Глубочайшее чувство признательности, торжествующее ощущение окончившегося одиночества охватило Александра. На мгновение в сознании выплыл образ сурового леса, который шумел за заснеженными огородами и выпасами, но тот час же исчез, растворился в горячих дыханиях…
…Перед рассветом Настя разбудила Александра:
— Слышишь, Саша. Снова летят на Москву, гады.

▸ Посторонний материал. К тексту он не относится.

Lemma spd_diag n (d : 'rV[R]_n) : (forall i, 0 < d 0 i) -> spd (diag_mx d).
Proof.
move=> dpos; split=> [|v vn0]; first exact: tr_diag_mx.
rewrite quad_diag lt_def sumr_ge0 ?andbT => [|i _]; last first.
  by rewrite mulr_ge0 ?sqr_ge0 ?ltW.
apply: contra vn0 => /eqP/psumr_eq0P v0; apply/eqP/rowP => i; apply/eqP.
rewrite mxE -sqrf_eq0 -(mulrI_eq0 _ (lregP (lt0r_neq0 (dpos i)))) v0 // => k _.
by rewrite mulr_ge0 ?sqr_ge0 ?ltW.
Qed.

Lemma spd_spectral n (U : 'M[R]_n) (d : 'rV[R]_n) :
  orthogonalmx U -> (forall i, 0 < d 0 i) -> spd (U^T *m diag_mx d *m U).
Proof.
move=> UU dpos; rewrite -[U in _ *m U]trmxK.
apply: spd_compress (spd_diag dpos) _.
by apply/row_freeP; exists U; exact: orthogonalmx_trmul.
Qed.

Lemma spd_spectral_pos n (B U : 'M[R]_n) (d : 'rV[R]_n) i :
  spd B -> orthogonalmx U -> B = U^T *m diag_mx d *m U -> 0 < d 0 i.
Proof.
move=> [_ Bpos] UU BE; have e_i_n0 : delta_mx 0 i != 0 :> 'rV[R]_n.
  apply/eqP => /matrixP/(_ 0 i).
  by rewrite !mxE !eqxx => /eqP; rewrite oner_eq0.
have e_iU_n0 : (delta_mx 0 i : 'rV[R]_n) *m U != 0.
  by rewrite mulmx_free_eq0 ?row_free_unit ?orthogonalmx_unit.
move: (Bpos _ e_iU_n0); rewrite BE trmx_mul !mulmxA -(mulmxA _ U U^T) UU mulmx1.
rewrite -(mulmxA _ U U^T) UU mulmx1 -rowE row_diag_mx -scalemxAl.
by rewrite trmx_delta mul_delta_mx !mxE eqxx mulr1.
Qed.
Lemma ef_inv_forth_clique q x (x' : seq (Vtx m' K')) a : ef_inv k k' q.+1 x x' -> inl a \notin x ->
  exists a', ef_inv k k' q (inl a :: x) (inl a' :: x').
Proof.
move=> inv; case: (inv) => ss' Hat Hcnt Hx Hx' ax.
have [a' a'cell] : exists a', a' \in cell k' x' (trace k a x).
  apply/card_gt0P; have := Hcnt (trace k a x); rewrite /trace_count.
  have : 0 < #|cell k x (trace k a x)| by apply/card_gt0P; exists a; rewrite inE ax eqxx.
  by have := expn_gt0 2 q.+1; lia.
move: a'cell; rewrite inE => /andP[a'x /eqP tr'].
exists a'; split => /=.
- by rewrite ss'.
- move=> [|i] [|l] /= ix lx; first by rewrite /atype /= !eqxx.
  + have lx' : l < size x' by rewrite -ss'.
    have [-> _] := atype_fresh k ax lx; have [-> _] := atype_fresh k' a'x lx'.
    by rewrite !vtx_adj_fresh_clique // tr' (ef_inv_is_clique inv).
  + have ix' : i < size x' by rewrite -ss'.
    have [_ ->] := atype_fresh k ax ix; have [_ ->] := atype_fresh k' a'x ix'.
    by rewrite !vtx_adj_fresh_clique // tr' (ef_inv_is_clique inv).
  + exact: Hat.
- move=> [|c T]; first by rewrite !trace_count_size.
  rewrite !trace_count_cons_clique // tr'; case: c => //.
  by move: (Hcnt T); rewrite expnS; case: (_ == T); lia.
- by rewrite addSnnS.
- by rewrite addSnnS.
Qed.

Lemma ef_inv_cons_fun q x (x' : seq (Vtx m' K')) b b' :
  ef_inv k k' q.+1 x x' -> inr b \notin x -> inr b' \notin x' ->
  (forall l, l < size x ->
    vtx_adj k (inr b) (nth (inl ord0) x l) = vtx_adj k' (inr b') (nth (inl ord0) x' l)) ->
  (forall T c, minn #|[set a in cell k x T | (b a < k) == c]| (2 ^ q) =
               minn #|[set a in cell k' x' T | (b' a < k') == c]| (2 ^ q)) ->
  ef_inv k k' q (inr b :: x) (inr b' :: x').
Proof.
move=> inv bx b'x adj_b cnt; case: (inv) => ss' Hat _ Hx Hx'; split => /=.
- by rewrite ss'.
- move=> [|i] [|l] /= ix lx; first by rewrite /atype /= !eqxx.
  + have lx' : l < size x' by rewrite -ss'.
    have [-> _] := atype_fresh k bx lx; have [-> _] := atype_fresh k' b'x lx'.
    by rewrite adj_b.
  + have ix' : i < size x' by rewrite -ss'.
    have [_ ->] := atype_fresh k bx ix; have [_ ->] := atype_fresh k' b'x ix'.
    by rewrite adj_b // (ef_inv_is_clique inv).
  + exact: Hat.
- move=> [|c T]; first by rewrite !trace_count_size.
  by rewrite !trace_count_cons_fun.
- by rewrite addSnnS.
- by rewrite addSnnS.
Qed.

Александр порывисто откинул одеяло и сел на край кровати. В комнату через кудрявую листву цветков, стоящих на подоконнике, лился лунный свет. А снаружи, за стенами избы, надрываясь от тяжести, ревели моторы, и оконницы вторили им мелким, прерывистым дребезжанием. Гул моторов ударял в стекла окон и, врываясь в комнату, заполнял все: что-то скрипело, ерзало, позванивало. Бережно отстранив руки Насти, Александр соскочил на пол. Торопливо набросил на плечи полушубок, сунул ноги в валенки и, выйдя в сени, сердито толкнул ногой входную дверь. Дверь застонала, но не открылась. За спиной упало и, дребезжа, покатилось ведро.
— Щеколду откинь, — донесся голос Насти.
Он вышел на крыльцо. Навстречу ему хлынули белые клубы морозного воздуха, на волосы посыпался сухой иней. Александр посмотрел вверх. Первое, что он увидел, были звезды: они строго и холодно смотрели на землю, на него. И тотчас же он различил темные силуэты самолетов. Они медленно и тяжело плыли по небу, наползая на звезды. Александр повернул голову и вздрогнул. Далеко-далеко, где-то на самом краю неба, вспыхивали и гасли сотни и тысячи желтеньких огоньков. Вспыхивали и гасли, чтобы вновь вспыхнуть и погаснуть. Это, отбивая налеты «юнкерсов» и «хейнкелей», боролась Москва.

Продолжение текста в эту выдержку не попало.